Two intrepid librarians

Two intrepid librarians review the best nonfiction books for children

Friday, December 11, 2015

The Smart Girl’s Guide to Privacy: Practical Tips for Staying Safe Online by Violet Blue

The Smart Girl’s Guide to Privacy: Practical Tips for Staying Safe Online
by Violet Blue
No Starch Press. 2015
ISBN: 9781593276485
Grades 9 thru adult
I received a copy of this book from the publisher
This review reflects my opinion and not that of the Cybils YA Nonfiction Committee

Has your email, Twitter, Snapchat or other online account ever been hacked? Do you worry how easy your personal information - address, phone number, birthday, social security #  - is only a click away for anyone to find? If you feel overwhelmed with how to manage all your personal data, the this book is for you! Penned by Violet Blue, an award-winning author and investigative journalist, this tome offers tips to help keep your online self safe.

Though Blue states this book is for women, the information is spot on for anyone.

This book is packed with some serious self-defense moves. It’s designed to help you get organized so you can navigate the chaotic landscape of online privacy. You’ll learn how to look good to potential employers (or potential dates) safeguard your privacy from sleepy marketers, unethical megacorporations, scammers, stalkers, bullshit artists, and anyone who wants to silence women online.
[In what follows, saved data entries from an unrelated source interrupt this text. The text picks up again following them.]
Lemma lift_fam_in_link_tops W f :
  (forall Y, Y \in W -> #|Y| = (d - #|Z|)%N) -> (#|Z| <= d)%N ->
  (lift_fam W \in link_tops d Z f) = (#|W| == f) && joins_to_top (d - #|Z|) setT W.
Proof.
move=> Wd Zd; rewrite inE card_imset; last exact: lift_set_inj.
rewrite link_lift_fam -g_im joins_to_top_imfam // andbA; congr (_ && _).
apply/andb_idl=> _; apply/subsetP=> _ /imsetP[Y YW ->].
rewrite inE subsetUr andbT card_setU_compl ?imset_subset_compl //.
by rewrite card_imset // Wd // subnK.
Qed.

Lemma link_tops_lift G f : (#|Z| <= d)%N -> G \in link_tops d Z f ->
  exists2 W : {set {set 'I_(n - #|Z|)}}, (forall Y, Y \in W -> #|Y| = (d - #|Z|)%N) & G = lift_fam W.
Proof.
move=> Zd /link_tops_above[GZ _ _].
have g_pre X : X \in G -> g @: (g @^-1: (X :\: Z)) = X :\: Z.
  move=> _; apply/setP=> x; apply/imsetP/idP => [[y]|]; first by rewrite inE => ? ->.
  move=> xXZ; have : x \in g @: setT by rewrite g_im inE; case/setDP: xXZ.
  by case/imsetP=> y _ xE; exists y; rewrite // inE -xE.
exists [set g @^-1: (X :\: Z) | X in G].
  move=> _ /imsetP[X XG ->]; rewrite -(card_imset _ g_inj) g_pre //.
  by have [Xd sZX] := GZ X XG; rewrite cardsDS // Xd.
rewrite /lift_fam -imset_comp -[LHS]imset_id; apply: eq_in_imset => X XG /=.
rewrite g_pre //; apply/setP=> x; rewrite !inE.
by case: (boolP (x \in Z)) => [/(subsetP (GZ X XG).2) ->|]; rewrite ?orbT ?orbF.
Qed.

End Lift.

Lemma card_link_tops_kappa n d (Z : {set 'I_n}) f : (#|Z| < d)%N ->
  #|link_tops d Z f| = kappa (d - #|Z|) f [set (set0 : {set 'I_(n - #|Z|)})].
Proof.
move=> Zd; have [g g_inj g_im] := exists_compl_enum Z.
rewrite /kappa subn_eq0 leqNgt Zd /= -(card_imset _ (lift_fam_inj g_inj g_im)).
apply: eq_card => G; apply/idP/imsetP => [GT|[W + ->]].
  have [W Wd GE] := link_tops_lift g_inj g_im (ltnW Zd) GT; exists W => //.
  move: GT; rewrite GE lift_fam_in_link_tops ?(ltnW Zd) // inE => /andP[-> top] /=.
  apply/andP; split; first by apply/forall_inP=> Y /Wd ->.
  by apply/is_join_top => // Y /Wd ->.
rewrite inE => /and3P[Wf /forall_inP/(_ _ _)/eqP Wd /is_join_top top].
by rewrite lift_fam_in_link_tops ?(ltnW Zd) // Wf top // => Y /Wd ->.
Qed.

(** * Decomposition along the members of T *)

Definition member n (T : {set {set 'I_n}}) (i : nat) : {set 'I_n} := nth set0 (enum T) i.

Section Decomposition.
Variables (n d : nat) (T : {set {set 'I_n}}).
Hypothesis LT : inL d T.
Local Notation l := (size (enum T)).
Local Notation above i := (dsets_above d (member T i)).
Implicit Types (X : {set 'I_n}) (H : {set {set 'I_n}}) (i j : 'I_l).

Lemma member_in i : member T i \in T.
Proof. by rewrite -mem_enum mem_nth. Qed.

Lemma member_onto Z : Z \in T -> exists i : 'I_l, member T i = Z.
Proof.
rewrite -mem_enum => ZT; exists (Ordinal (etrans (index_mem Z _) ZT)).
exact: nth_index.
Qed.

Lemma above_unique X i j : X \in above i -> X \in above j -> i = j.
Proof.
rewrite !inE => /andP[/eqP Xd sXi] /andP[_ sXj]; apply/val_inj/eqP.
rewrite -(nth_uniq set0 (ltn_ord i) (ltn_ord j) (enum_uniq _)); apply/eqP.
by apply: inL_member_unique LT (member_in i) (member_in j) sXi sXj _; rewrite Xd.
Qed.

Lemma card_above_partition H :
  H \subset \bigcup_(i < l) above i -> #|H| = (\sum_(i < l) #|H :&: above i|)%N.
Proof.
move=> /subsetP Hcov.
have one X : X \in H -> (\sum_(i < l) (X \in above i) = 1)%N.
  move=> /Hcov /bigcupP[i _ Xi]; rewrite (bigD1 i) //= Xi big1 // => j ji.
  by apply/eqP; rewrite eqb0; apply: contra ji => Xj; rewrite (above_unique Xj Xi).
rewrite -sum1_card (eq_bigr _ (fun X XH => esym (one X XH))) exchange_big /=.
apply: eq_bigr => i _; rewrite -sum1_card big_mkcond [RHS]big_mkcond /=.
by apply: eq_bigr => X _; rewrite in_setI; case: (X \in H); case: (X \in above i).
Qed.

Lemma bigcup_above_setI (F : 'I_l -> {set {set 'I_n}}) i :
  (forall j, F j \subset above j) -> (\bigcup_j F j) :&: above i = F i.
Proof.
move=> FA; apply/setP=> X; rewrite inE; apply/andP/idP => [[/bigcupP[j _ Xj] Xi]|Xi].
  by rewrite (above_unique Xi (subsetP (FA j) X Xj)).
by split; [apply/bigcupP; exists i | apply: (subsetP (FA i))].
Qed.

Lemma link_setI_above H i :
  (forall X, X \in H -> #|X| = d) -> link H (member T i) = link (H :&: above i) (member T i).
Proof.
move=> Hd; rewrite /link; suff -> : [set X in H :&: above i | member T i \subset X]
  = [set X in H | member T i \subset X] by [].
by apply/setP=> X; rewrite !inE -andbA; case XH: (X \in H); rewrite /= ?Hd ?eqxx ?andbb.
Qed.

Lemma is_join_above H :
  (forall X, X \in H -> #|X| = d) ->
  is_join d [set [set X] | X in H] T <->
  H \subset \bigcup_(i < l) above i /\ (forall i, H :&: above i \in link_tops d (member T i) #|H :&: above i|).
Proof.
move=> Hd; rewrite is_join_link // => [|X /Hd ->//].
have refinesE : refines H T = (H \subset \bigcup_(i < l) above i).
  apply/forall_inP/subsetP => [rHT X XH|Hcov X XH].
    have /exists_inP[Z ZT sZX] := rHT X XH; have [i iZ] := member_onto ZT.
    by apply/bigcupP; exists i; rewrite // inE Hd // eqxx iZ.
  have /bigcupP[i _] := Hcov X XH; rewrite inE => /andP[_ sX].
  by apply/exists_inP; exists (member T i); rewrite ?member_in.
rewrite refinesE; split=> -[Hcov top]; split=> //.
  by move=> i; rewrite inE subsetIr eqxx -link_setI_above // top ?member_in.
move=> Z /member_onto[i <-].
have := top i; rewrite inE => /and3P[_ _].
by rewrite [link H _]link_setI_above.
Qed.

Definition decompositions m :=
  [set F : {ffun 'I_l -> {set {set 'I_n}}} |
     [forall i, F i \in link_tops d (member T i) #|F i|] && (\sum_(i < l) #|F i| == m)%N].

Lemma bigcup_setI_above H : H \subset \bigcup_(i < l) above i -> \bigcup_(i < l) (H :&: above i) = H.
Proof.
move=> /subsetP Hcov; apply/setP=> X; apply/bigcupP/idP => [[i _ /setIP[] //]|XH].
by have /bigcupP[i _ Xi] := Hcov X XH; exists i => //; rewrite inE XH.
Qed.

Lemma card_joins_decompositions m :
  #|[set H : {set {set 'I_n}} | [&& #|H| == m, [forall X in H, #|X| == d]
        & is_join d [set [set X] | X in H] T]]| = #|decompositions m|.
Proof.
set joins := [set H | _].
pose restrict H : {ffun 'I_l -> {set {set 'I_n}}} := [ffun i : 'I_l => H :&: above i].
have joinsP H : H \in joins -> [/\ #|H| = m, forall X, X \in H -> #|X| = d,
    H \subset \bigcup_(i < l) above i
  & forall i, H :&: above i \in link_tops d (member T i) #|H :&: above i|].
  rewrite inE => /and3P[/eqP Hm /forall_inP Hd]; have Hd' X : X \in H -> #|X| = d by move=> XH; apply/eqP/Hd.
  by case/(is_join_above Hd') => Hcov top; split.
have restrict_inj : {in joins &, injective restrict}.
  move=> H1 H2 /joinsP[_ _ cov1 _] /joinsP[_ _ cov2 _] e.
  rewrite -(bigcup_setI_above cov1) -(bigcup_setI_above cov2).
  by apply: eq_bigr => i _; rewrite -!(ffunE (fun i => _ :&: above i)) -/(restrict _) e.
rewrite -(card_in_imset restrict_inj); congr #|pred_of_set _|.
apply/setP=> F; apply/imsetP/idP => [[H /joinsP[Hm Hd Hcov top] ->]|].
  rewrite inE; apply/andP; split; first by apply/forallP=> i; rewrite ffunE top.
  by rewrite -Hm (card_above_partition Hcov); under eq_bigr do rewrite ffunE.
rewrite inE => /andP[/forallP Ftop /eqP Fm].
have FA i : F i \subset above i by have := Ftop i; rewrite inE => /and3P[].
have FE i : (\bigcup_(j < l) F j) :&: above i = F i by apply: bigcup_above_setI.
have Hcov : \bigcup_(j < l) F j \subset \bigcup_(i < l) above i.
  by apply/bigcupsP=> i _; rewrite (subset_trans (FA i)) // (bigcup_sup i).
have Hd X : X \in \bigcup_(j < l) F j -> #|X| = d.
  by case/bigcupP=> j _ /(subsetP (FA j)); rewrite inE => /andP[/eqP].
exists (\bigcup_(j < l) F j); last by apply/ffunP=> i; rewrite ffunE FE.
rewrite inE (card_above_partition Hcov); apply/and3P; split.
- by under eq_bigr do rewrite FE; rewrite Fm.
- by apply/forall_inP=> X /Hd ->.
by apply/(is_join_above Hd); split=> // i; rewrite FE Ftop.
Qed.

Lemma card_decompositions m :
  #|decompositions m| =
  (\sum_(f : {ffun 'I_l -> 'I_m.+1} | \sum_(i < l) (f i : nat) == m)
      \prod_(i < l) #|link_tops d (member T i) (f i)|)%N.
Proof.
pose sizes (F : {ffun 'I_l -> {set {set 'I_n}}}) : {ffun 'I_l -> 'I_m.+1} :=
  [ffun i => inord #|F i|].
have sizesE (F : {ffun 'I_l -> {set {set 'I_n}}}) (i : 'I_l) : (\sum_(j < l) #|F j| = m)%N -> sizes F i = #|F i| :> nat.
  by move=> Fm; rewrite ffunE inordK // ltnS -Fm (bigD1 i) //= leq_addr.
rewrite -sum1_card (partition_big sizes (fun f => \sum_(i < l) (f i : nat) == m)%N); last first.
  move=> F /[!inE] /andP[_ /eqP Fm]; apply/eqP; rewrite -[RHS]Fm.
  by apply: eq_bigr => i _; rewrite sizesE.
apply: eq_bigr => f /eqP fm; rewrite sum1dep_card.
rewrite -(cardsXn (fun i => link_tops d (member T i) (f i))); apply: eq_card => F.
rewrite !inE; apply/andP/forallP => [[/andP[/forallP Ftop /eqP Fm] /eqP <-] i|Ff].
  by rewrite /= sizesE // Ftop.
have Fi i : #|F i| = f i /\ F i \in link_tops d (member T i) #|F i|.
  by have := Ff i; rewrite inE => /and3P[_ /eqP Fi _]; rewrite Fi.
have Fm : (\sum_(i < l) #|F i| = m)%N by rewrite -fm; apply: eq_bigr => i _; case: (Fi i).
split; first by rewrite Fm eqxx andbT; apply/forallP=> i; case: (Fi i).
by apply/eqP/ffunP=> i; apply: ord_inj; rewrite sizesE //; case: (Fi i).
Qed.

End Decomposition.

Lemma card_link_tops n d (Z : {set 'I_n}) (f : nat) : (#|Z| <= d)%N ->
  #|link_tops d Z f| =
  (if [&& (0 < f)%N, codim d Z <= f%:Z & (codim d Z == 1) ==> (f == 1)%N]
   then kappa (d - #|Z|) f [set (set0 : {set 'I_(n - #|Z|)})] else 0%N).
Proof.
rewrite leq_eqVlt => /orP[/eqP Zd|Zd].
  have -> : codim d Z = 1 by rewrite /codim Zd; lia.
  rewrite card_link_tops_full // /kappa Zd subnn eqxx /=.
  by case: f => [|[|f]]; rewrite //= eqxx.
have -> : [&& (0 < f)%N, codim d Z <= f%:Z & (codim d Z == 1) ==> (f == 1)%N] = (d - #|Z| < f)%N.
  rewrite /codim; apply/and3P/idP => [[_ ? _]|?]; first lia.
  by split; [lia | lia | apply/implyP; lia].
case: ltnP => [_|fZ]; first exact: card_link_tops_kappa.
apply/eqP; rewrite cards_eq0; apply/set0Pn=> -[G /link_tops_lower].
by rewrite ltnNge fZ.
Qed.

Lemma prod_if_forall (I : finType) (P : pred I) (F : I -> nat) :
  (\prod_i (if P i then F i else 0) = if [forall i, P i] then \prod_i F i else 0)%N.
Proof.
case: ifP => [/forallP PI|/forallPn[i Pi]]; first by apply: eq_bigr => i _; rewrite PI.
by rewrite (bigD1 i) //= (negbTE Pi) mul0n.
Qed.

Unset Implicit Arguments.
Theorem proposition4p8 (d n : nat) (T : {set {set 'I_n}}) (m : nat) :
  (d < n)%N -> inL d T -> T != [set set0] -> (0 < m)%N ->
  kappa d m T =
  (\sum_(f : {ffun 'I_(size (enum T)) -> 'I_m.+1} |
          [&& [forall i : 'I_(size (enum T)), (0 < f i)%N],
              [forall i : 'I_(size (enum T)), (codim d (nth set0 (enum T) i) <= (f i : nat)%:Z)%R],
              [forall i : 'I_(size (enum T)), (codim d (nth set0 (enum T) i) == 1%R) ==> (f i == 1%N :> nat)]
            & (\sum_(i < size (enum T)) (f i : nat) == m)%N])
     \prod_(i < size (enum T))
        kappa (d - #|nth set0 (enum T) i|) (f i)
              [set (set0 : {set 'I_(n - #|nth set0 (enum T) i|)})])%N.
Proof.
move=> _ LT T1 _.
rewrite {1}/kappa (negbTE T1) andbF card_joins_decompositions // card_decompositions.
under eq_bigr => f _.
  rewrite (eq_bigr _ (fun i _ => card_link_tops _ (inL_card LT (member_in i)))) prod_if_forall.
  over.
rewrite -big_mkcondr /=; apply: eq_bigl => f.
apply/andP/and4P => [[fm /forallP Mf]|[/forallP f0 /forallP fc /forallP f1 fm]].
  by split=> //; apply/forallP=> i; case/and3P: (Mf i).
by split=> //; apply/forallP=> i; rewrite f0 fc f1.
Qed.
Divided into ten chapters Blue explains the different ways you can define your boundaries. From email settings, social media and dating services to creating safe passwords for sites where credit card information is stored. Because of her background as a tech reporter, Blue is well aware of the growing phenomena of identity theft. She advices readers to regularly check their privacy settings every three months, and never save credit cards on online shopping sites like Amazon. Linking email accounts can be a disaster waiting to happen, as if always using the same prefix - vblue - for all your email addresses. To keep your passwords safe, never log in to any account using someone else's computer or smartphone.

Chapter four explains how to take charge if a situation arises where you’ve been hacked and your private content - swimsuit shots, selfies with cleavage - turns up all over the Internet. 

Blue’s writing is straightforward, blunt and to the point. She is passionate about making sure women take charge of their online information and urges them to understand the ramifications of what they put out there, especially on social media. Be vigilant. Those horror stories you read about could happen to you.

This isn’t a book filled with technical details of how to do this and that. Instead, Blue guides readers to outside resources, such as websites or software, that is helpful. There is a resource section, divided up by chapters, at the back of the book that is very thorough. 

The Smart Girl's Guide to Privacy would be a valued resource for Internet safety courses at high school and collages.